The joints in your body are where two bones meet and enable you to move. The hips, shoulders, elbows, knees, wrists, and ankles are where the main joints located in your body. Hence, activities like walking up and down the stairs, running, jumping, extending, and bending your limbs are all required helps from joints.

The surfaces of the two connecting bones in your joint are cover with a layer called cartilage. Intact cartilage enables movement without friction and prevents the two bones from rubbing against each other. The cartilage also passes the pressure in the joint on to the bones, thereby sharing the burden of your body weight.1 Synovial fluid, a clear and thick fluid in the joint lubricates the cartilage and acts as a shock absorber in reducing the pressure exerted on the joint.

Osteoarthritis (or degenerative arthritis) and rheumatoid arthritis are the two most commonly seen joint conditions. The degenerative joint happens when the cartilage has begun to wear and tear, causes the bones to rub together, and eventually leads to bone damage. Frequent crackling sound from the joint accompanied by pain or swelling and limited motion may be the early signs of worn cartilage. On the other hand, rheumatoid arthritis is an autoimmune disease that happens when the body’s immune system mistakenly attacks the healthy joint tissues and leads to inflammation with symptoms such as joint pain, stiffness, and swelling.2

Medications have been the first choice of treatment for relieving joint pain. However, supplements have also supported by clinical researches in reducing joint pain and preventing cartilage breakdown.
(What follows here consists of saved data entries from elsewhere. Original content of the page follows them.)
Definition fl_prog_closed (p : prog) : Prop :=
  forall g, (forall x y, In x (flb p g) -> fl_step x y -> In y (flb p g) \/ y = g) /\
            (forall x y, In x (flc p g) -> fl_step x y -> In y (flc p g) \/ y = g).

Lemma fl_prog_closed_seq p q : fl_prog_closed p -> fl_prog_closed q -> fl_prog_closed (Seq p q).
Proof.
  intros IHp IHq g; split; intros x y Hx Hd; simpl in *; rewrite in_app_iff in *.
  - destruct Hx as [<-|[Hx|Hx]].
    + inversion Hd; subst. left; right; left; apply flb_head.
    + destruct (proj1 (IHp (Box q g)) x y Hx Hd) as [H| ->]; [auto|].
      left; right; right; apply flb_head.
    + destruct (proj1 (IHq g) x y Hx Hd) as [H| ->]; auto.
  - destruct Hx as [<-|[Hx|Hx]].
    + inversion Hd; subst. left; right; left; apply flc_head.
    + destruct (proj2 (IHq (BoxC p g)) x y Hx Hd) as [H| ->]; [auto|].
      left; right; right; apply flc_head.
    + destruct (proj2 (IHp g) x y Hx Hd) as [H| ->]; auto.
Qed.

Lemma fl_prog_closed_cup p q : fl_prog_closed p -> fl_prog_closed q -> fl_prog_closed (Cup p q).
Proof.
  intros IHp IHq g; split; intros x y Hx Hd; simpl in *; rewrite in_app_iff in *;
    (destruct Hx as [<-|[Hx|Hx]]; [inversion Hd; subst; left; right; [left|right];
      apply flb_head || apply flc_head|..]).
  - destruct (proj1 (IHp g) x y Hx Hd) as [H| ->]; auto.
  - destruct (proj1 (IHq g) x y Hx Hd) as [H| ->]; auto.
  - destruct (proj2 (IHp g) x y Hx Hd) as [H| ->]; auto.
  - destruct (proj2 (IHq g) x y Hx Hd) as [H| ->]; auto.
Qed.

Lemma fl_prog_closed_star p : fl_prog_closed p -> fl_prog_closed (Star p).
Proof.
  intros IHp g; split; intros x y Hx Hd; simpl in *.
  - destruct Hx as [<-|Hx].
    + inversion Hd; subst; auto. left; right; apply flb_head.
    + destruct (proj1 (IHp (Box (Star p) g)) x y Hx Hd) as [H| ->]; auto.
  - destruct Hx as [<-|Hx].
    + inversion Hd; subst; auto. left; right; apply flc_head.
    + destruct (proj2 (IHp (BoxC (Star p) g)) x y Hx Hd) as [H| ->]; auto.
Qed.

Lemma fl_closed_mut : (forall f, fl_closed (fl f)) /\ (forall p, fl_prog_closed p).
Proof.
  apply (form_prog_ind P A (fun f => fl_closed (fl f)) fl_prog_closed); unfold fl_closed;
    try (intros; first [apply fl_prog_closed_seq|apply fl_prog_closed_cup
                        |apply fl_prog_closed_star]; assumption).
  - intros x y [<-|[]] H; inversion H.
  - intros q x y [<-|[]] H; inversion H.
  - intros f IHf g IHg x y Hx Hd. simpl in *. rewrite in_app_iff in *.
    destruct Hx as [<-|[Hx|Hx]]; [inversion Hd; subst; right; [left|right]; apply fl_self
      |right; left; eauto|right; right; eauto].
  - intros p IHp g IHg x y Hx Hd. simpl in *. rewrite in_app_iff in *.
    destruct Hx as [Hx|Hx]; [|right; eauto].
    destruct (proj1 (IHp g) x y Hx Hd) as [H| ->]; [auto|right; apply fl_self].
  - intros p IHp g IHg x y Hx Hd. simpl in *. rewrite in_app_iff in *.
    destruct Hx as [Hx|Hx]; [|right; eauto].
    destruct (proj2 (IHp g) x y Hx Hd) as [H| ->]; [auto|right; apply fl_self].
  - intros a g; split; intros x y [<-|[]] H; inversion H; auto.
  - intros h IHh g; split; intros x y Hx Hd; simpl in *;
      (destruct Hx as [<-|Hx]; [inversion Hd; subst; auto; left; right; apply fl_self
        |left; right; eauto]).
Qed.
Read on to learn more about the clinical evidence of these alternative supplements in treating arthritis.

Glucosamine

Glucosamine is one of the most widely used supplements for the management of osteoarthritis. It is a natural compound found in your joints area and acts as a building block for the cartilage by stimulates the formation and prevents its degradation.3  

A meta-analysis analysed eighteen articles written between 2003 and 2016, found a favourable effect of glucosamine in alleviating knee osteoarthritis symptoms. Majority of the studies demonstrated the effective dose of glucosamine at 1,500mg/day.4 The intake of glucosamine was also found to be effective in improving knee flexion and extension among athletes after an acute knee injury.5

Loss of cartilage causes the narrowing of space between the ends of the bones in joint. This condition is common in arthritis patients where it eventually leads to pain, stiffness and limited movement of the joint. Long-term treatment with glucosamine can help to slow down the narrowing of joints space in patients with knee osteoarthritis.6,7

Collagen

The term ‘collagen’ refers to a group of structural proteins arranged in a fibre-like strand present within all tissues and organs.8 It is found abundantly in the skin, bone, tendon, muscle, cartilage and vessel wall. Similar to glucosamine, collagen is also one of the components in the matrix of joint structures.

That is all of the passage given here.